The senators noted that in light of advances of for-profit flight tracking services, Congress included a provision in the 2000 FAA reauthorization bill enabling the Barr program. For reasons of individual security, privacy and business competitiveness, the program provides owners of general aviation aircraft the ability to prevent public dissemination of their aircraft movements.
In a June 29 letter, the senators took issue with the DOT’s claim that it needs to severely curtail Barr to promote greater transparency in government. “While all Americans support an open and transparent government process,” the lawmakers told LaHood, “the Barr program is about the preservation of personal citizens’ right to privacy and has nothing to do with shedding light on our federal government.”
The senators also expressed concern that this move by the DOT “sets a dangerous precedent” for the ability of the government to disseminate the travel information of any citizen, regardless of the mode of transportation.
Less than two weeks later, the members of the House sent a similar letter to LaHood, in which they cited “serious concerns” regarding the FAA’s proposal to allow public access to general aviation aircraft movements.
“First and foremost, all Americans have a right to privacy, and the federal government should not broadcast the movements of individuals using private aircraft against their will,” the House members wrote on July 11. “Second, American companies use the Barr program to operate free from surveillance or to explore new business opportunities without competitive interference.
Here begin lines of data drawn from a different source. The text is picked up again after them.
Lemma is_subgroupI (G : groupType) (H1 H2 : set G) :
  is_subgroup H1 -> is_subgroup H2 -> is_subgroup (H1 `&` H2).
Proof.
case=> a1 b1 c1 [a2 b2 c2]; split=> //.
- by move=> x y [? ?] [? ?]; split; [apply: b1 | apply: b2].
- by move=> x [? ?]; split; [apply: c1 | apply: c2].
Qed.

Definition is_normal (G : groupType) (N : set G) : Prop :=
  is_subgroup N /\ forall a u, N u -> N (a * u * a^-1).

Definition subgroup_type (G : groupType) (K : set G) (hK : is_subgroup K) :=
  {w : G | K w}.
HB.instance Definition _ (G : groupType) (K : set G) (hK : is_subgroup K) :=
  gen_eqMixin (subgroup_type hK).
HB.instance Definition _ (G : groupType) (K : set G) (hK : is_subgroup K) :=
  gen_choiceMixin (subgroup_type hK).

Section SubgroupType.
Variables (G : groupType) (K : set G) (hK : is_subgroup K).

Definition subgroup_one : subgroup_type hK :=
  exist _ 1 (let: And3 h _ _ := hK in h).
Definition subgroup_mul (a b : subgroup_type hK) : subgroup_type hK :=
  exist _ (sval a * sval b) (let: And3 _ h _ := hK in h _ _ (svalP a) (svalP b)).
Definition subgroup_inv (a : subgroup_type hK) : subgroup_type hK :=
  exist _ (sval a)^-1 (let: And3 _ _ h := hK in h _ (svalP a)).

Lemma subgroup_val_inj (a b : subgroup_type hK) : sval a = sval b -> a = b.
Proof. exact: (@eq_sig_hprop G K (fun _ => @Prop_irrelevance _)). Qed.

Lemma subgroup_mulA : associative subgroup_mul.
Proof. by move=> a b c; apply: subgroup_val_inj; rewrite /= mulgA. Qed.
Lemma subgroup_mul1g : left_id subgroup_one subgroup_mul.
Proof. by move=> a; apply: subgroup_val_inj; rewrite /= mul1g. Qed.
Lemma subgroup_mulg1 : right_id subgroup_one subgroup_mul.
Proof. by move=> a; apply: subgroup_val_inj; rewrite /= mulg1. Qed.
Lemma subgroup_mulVg : left_inverse subgroup_one subgroup_inv subgroup_mul.
Proof. by move=> a; apply: subgroup_val_inj; rewrite /= mulVg. Qed.
Lemma subgroup_mulgV : right_inverse subgroup_one subgroup_inv subgroup_mul.
Proof. by move=> a; apply: subgroup_val_inj; rewrite /= mulgV. Qed.
End SubgroupType.

HB.instance Definition _ (G : groupType) (K : set G) (hK : is_subgroup K) :=
  isGroup.Build (subgroup_type hK) (@subgroup_mulA G K hK) (@subgroup_mul1g G K hK)
    (@subgroup_mulg1 G K hK) (@subgroup_mulVg G K hK) (@subgroup_mulgV G K hK).

Section FreeGroup.
Variables (S : Type) (F : groupType) (i : S -> F) (hF : is_free_group i).

Lemma free_hom_id (phi : F -> F) : group_hom phi -> (forall s, phi (i s) = i s) ->
  forall g, phi g = g.
Proof.
move=> hphi hi g; have [phi0 [_ _ huniq]] := @hF F i.
by rewrite (huniq phi hphi hi) -(huniq id (fun _ _ => erefl) (fun _ => erefl)).
Qed.

Lemma free_subgroup_ind (K : set F) : is_subgroup K -> (forall s, K (i s)) ->
  forall w, K w.
Proof.
move=> hK hi; have [phi [hphi phi_i _]] := @hF (subgroup_type hK) (fun s => exist _ _ (hi s)).
move=> w; have <- : sval (phi w) = w.
  by apply: (free_hom_id (phi := fun w => sval (phi w))) => [a b|s]; rewrite ?hphi ?phi_i.
exact: svalP.
Qed.

Lemma free_hom_id_mod (N : set F) (h : F -> F) : is_normal N -> group_hom h ->
  (forall s, N ((i s)^-1 * h (i s))) -> forall w, N (w^-1 * h w).
Proof.
move=> [[N1 NM NV] Nconj] hh hi; apply: free_subgroup_ind hi; split.
- by rewrite (group_hom1 hh) invg1 mulg1.
- move=> a b ha hb; rewrite hh.
  have -> : (a * b)^-1 * (h a * h b) = (b^-1 * (a^-1 * h a) * b^-1^-1) * (b^-1 * h b).
    by rewrite invgK invgM !mulgA mulgK.
  by apply: NM => //; apply: Nconj.
- move=> a ha; rewrite (group_homV hh) invgK.
  have -> : a * (h a)^-1 = a * (a^-1 * h a)^-1 * a^-1.
    by rewrite invgM invgK mulgA mulgK.
  by apply: Nconj; apply: NV.
Qed.

End FreeGroup.

Section GeneratedSubgroup.
Variable G : groupType.
Implicit Types (A H : set G).

Lemma gen_subgroupP A g : gen_subgroup A g <-> exists n, setpow A n g.
Proof. by split; [case=> n _ h; exists n | case=> n h; exists n]. Qed.

Lemma setpowD A m n a b : setpow A m a -> setpow A n b -> setpow A (m + n) (a * b).
Proof.
elim: m a => [|m IH] a /=; first by move=> -> hb; rewrite mul1g.
move=> [c [d [hc hd ->]]] hb; exists c, (d * b); split=> //; last by rewrite mulgA.
exact: IH.
Qed.

Lemma gen_subgroup_incl A a : A a -> gen_subgroup A a.
Proof. by move=> ha; apply/gen_subgroupP; exists 1%N, a, 1; rewrite mulg1. Qed.

Lemma gen_subgroup1 A : gen_subgroup A 1.
Proof. by apply/gen_subgroupP; exists 0%N. Qed.

Lemma gen_subgroupM A a b :
  gen_subgroup A a -> gen_subgroup A b -> gen_subgroup A (a * b).
Proof.
move=> /gen_subgroupP[m hm] /gen_subgroupP[n hn]; apply/gen_subgroupP.
by exists (m + n)%N; apply: setpowD.
Qed.

Lemma gen_subgroup_ind A (P : G -> Prop) : P 1 ->
  (forall a b, A a -> P b -> P (a * b)) -> forall g, gen_subgroup A g -> P g.
Proof.
move=> P1 PM g /gen_subgroupP[n]; elim: n g => [|n IH] g /=; first by move=> ->.
by move=> [a [b [ha hb ->]]]; apply: PM => //; apply: IH.
Qed.

Lemma gen_subgroupV A : (forall a, A a -> A a^-1) ->
  forall g, gen_subgroup A g -> gen_subgroup A g^-1.
Proof.
move=> hA; apply: gen_subgroup_ind; first by rewrite invg1; apply: gen_subgroup1.
move=> a b ha hb; rewrite invgM; apply: gen_subgroupM => //.
exact: gen_subgroup_incl (hA _ ha).
Qed.

Lemma gen_subgroup_is_subgroup A : (forall a, A a -> A a^-1) ->
  is_subgroup (gen_subgroup A).
Proof.
by move=> hA; split; [apply: gen_subgroup1 | apply: gen_subgroupM | apply: gen_subgroupV].
Qed.

Lemma gen_subgroup_min A H : is_subgroup H -> A `<=` H -> gen_subgroup A `<=` H.
Proof. by case=> H1 HM _ AH; apply: gen_subgroup_ind => // a b /AH; apply: HM. Qed.

Lemma gen_subgroup_conj A A' a : (forall u, A u -> A' (a * u * a^-1)) ->
  forall u, gen_subgroup A u -> gen_subgroup A' (a * u * a^-1).
Proof.
move=> hA; apply: gen_subgroup_ind; first by rewrite mulg1 mulgV; apply: gen_subgroup1.
move=> u v hu hv; have -> : a * (u * v) * a^-1 = a * u * a^-1 * (a * v * a^-1).
  by rewrite !mulgA mulgVK.
by apply: gen_subgroupM => //; apply: gen_subgroup_incl; apply: hA.
Qed.

End GeneratedSubgroup.

Lemma open_from_local (T : Type) (tau : set (set T)) (O : set T) : is_topology tau ->
  (forall g, O g -> exists W, [/\ tau W, W g & W `<=` O]) -> tau O.
Proof.
case=> _ _ tauU hloc; pose I := {g | O g}.
have W (s : I) : {W | [/\ tau W, W (sval s) & W `<=` O]}.
  by apply: cid; apply: hloc; apply: svalP.
suff -> : O = \bigcup_(s : I) sval (W s) by apply: tauU => s; case: (svalP (W s)).
apply/seteqP; split; last by move=> g [s _]; case: (svalP (W s)) => _ _; apply.
by move=> g Og; exists (exist _ g Og) => //; case: (svalP (W (exist _ g Og))).
Qed.

Lemma nbhd_of_open (T : Type) (tau : set (set T)) (O : set T) (x : T) :
  tau O -> O x -> nbhd_of tau x O.
Proof. by move=> hO Ox; exists O; split. Qed.

Section TopologicalGroup.
Variables (G : groupType) (tau : set (set G)) (htg : top_group tau).

Lemma open_translate (O : set G) (a : G) : tau O -> tau [set u | O (a * u)].
Proof.
case: htg => htop hM _ hO; apply: open_from_local => // g Og.
have [U [V [_ hV Ua Vg hUV]]] := hM _ _ _ hO Og.
by exists V; split=> // v Vv; apply: hUV.
Qed.

Lemma nbhd_conj (U : set G) (w : G) : nbhd_of tau 1 U ->
  nbhd_of tau 1 [set u | U (w * u * w^-1)].
Proof.
move=> [O [hO O1 OU]]; case: htg => _ hM _.
have O1' : O (w * 1 * w^-1) by rewrite mulg1 mulgV.
have [U1 [V1 [hU1 _ U1w V1w hUV1]]] := hM _ _ _ hO O1'.
have [U2 [V2 [_ hV2 U2w V21 hUV2]]] := hM _ _ _ hU1 U1w.
by exists V2; split=> // g V2g; apply: OU; apply: hUV1 => //; apply: hUV2.
Qed.

Hypothesis hna : non_arch tau.

Lemma non_arch_subgroup (U : set G) : nbhd_of tau 1 U ->
  exists H, [/\ tau H, is_subgroup H & H `<=` U].
Proof. by case: hna => _ /[apply] -[H [tH sH] HU]; exists H. Qed.

Lemma balanced_conj_subgroup (U : set G) : balanced tau -> nbhd_of tau 1 U ->
  exists H, [/\ tau H, is_subgroup H & forall w u, H u -> U (w * u * w^-1)].
Proof.
move=> hbal hU; have : right_unif tau [set gh | U (gh.2 * gh.1^-1)] by exists U.
rewrite -hbal => -[W /non_arch_subgroup [H [tH sH HW]] hWE].
exists H; split=> // w u Hu.
by have /= := hWE (w, w * u); rewrite mulKg; apply; apply: HW.
Qed.

End TopologicalGroup.

Lemma kernel_base_topology (G : groupType) (tau : set (set G))
    (I : Type) (P : set I) (H : I -> groupType) (f : forall e, G -> H e) :
  top_group tau -> (forall e, P e -> group_hom (f e)) ->
  nbhd_base tau 1 [set S | exists2 e, P e & S = f e @^-1` [set 1]] ->
  tau = gen_topology [set O | exists e, exists2 A : set (H e), P e & O = f e @^-1` A].
Proof.
move=> htg hf [base_nbhd base_sub]; have [htop _ _] := htg.
apply/seteqP; split=> O hO.
  move=> tau' htop' hsub; apply: open_from_local => // g Og.
  have O1 : [set u | O (g * u)] 1 by rewrite /= mulg1.
  have [_ [e he ->] ker_sub] := base_sub _ (nbhd_of_open (open_translate htg g hO) O1).
  exists (f e @^-1` [set f e g]); split=> //; first by apply: hsub; exists e, [set f e g].
  move=> u /= fu; have /ker_sub : f e (g^-1 * u) = 1.
    by rewrite (hf _ he) (group_homV (hf _ he)) fu mulVg.
  by rewrite /= mulVKg.
apply: hO => // _ [e [A he ->]]; apply: open_from_local => // g Ag.
have [W [tW W1 W_ker]] := base_nbhd _ (ex_intro2 _ _ e he erefl).
exists [set u | W (g^-1 * u)]; split; first exact: (open_translate htg g^-1 tW).
  by rewrite /= mulVg.
by move=> u /W_ker /= fu; rewrite -(mulVKg g u) (hf _ he) fu mulg1.
Qed.

Section CosetTopology.
Variables (G : groupType) (Nf : set (set G)).
Hypotheses (Nsub : forall N, Nf N -> is_subgroup N) (Nne : exists N, Nf N)
  (NI : forall N1 N2, Nf N1 -> Nf N2 -> exists2 N3, Nf N3 & N3 `<=` N1 `&` N2)
  (Nconj : forall N a, Nf N -> exists2 N', Nf N' & forall u, N' u -> N (a^-1 * u * a)).

Definition coset_topology : set (set G) :=
  [set O | forall g, O g -> exists2 N, Nf N & forall u, N u -> O (g * u)].

Lemma coset_topology_is_topology : is_topology coset_topology.
Proof.
split.
- by move=> g _; case: Nne => N hN; exists N.
- move=> A B hA hB g [Ag Bg].
  have [N1 h1 h1'] := hA _ Ag; have [N2 h2 h2'] := hB _ Bg.
  have [N3 h3 h3'] := NI h1 h2.
  by exists N3 => // u /h3' [? ?]; split; [apply: h1' | apply: h2'].
- move=> I A hA g [j _ Ajg]; have [N hN hN'] := hA j _ Ajg.
  by exists N => // u /hN' h; exists j.
Qed.

Lemma coset_topology_coset N x : Nf N -> coset_topology [set u | N (x^-1 * u)].
Proof.
move=> hN g Ng; exists N => // u Nu; have [_ hM _] := Nsub hN.
by rewrite /= mulgA; apply: hM.
Qed.

Lemma coset_topology_base N : Nf N -> coset_topology N.
Proof.
by move=> hN g Ng; exists N => // u; have [_ hM _] := Nsub hN; apply: hM.
Qed.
Lastly, there are security concerns for business leaders and individuals that use private aircraft and the Barr program prevents unknown parties and potential threats from tracking their movements.”
Both legislative bodies pointed out that this battle is not just the aviation community versus the FAA and DOT. They said that “a whole range of groups” have expressed concerns about the FAA’s proposal, including the U.S. Chamber of Commerce, the National Association of Manufacturers, the Business Roundtable and, most recently, the American Civil Liberties Union.
And with the issue of Barr currently being debated by the conferees on the FAA reauthorization bill, they said it is premature to unilaterally implement a regulation on a legislative issue currently before Congress.
House legislation for preserving the Barr program was passed in March as part of a House FAA reauthorization bill. That bill is now being considered, along with its Senate counterpart, by a House/Senate conference committee that is working to reconcile differences between the two bills into a single FAA reauthorization package to be voted on by Congress.
In the meantime, NBAA and AOPA filed a lawsuit against the FAA in the U.S. Court of Appeals for the District of Columbia Circuit on July 14 seeking an emergency motion for a stay of the August 2 start date for Barr restrictions to go into effect. Since then, the Experimental Aircraft Association has allied with NBAA and AOPA as a “friend of the court.”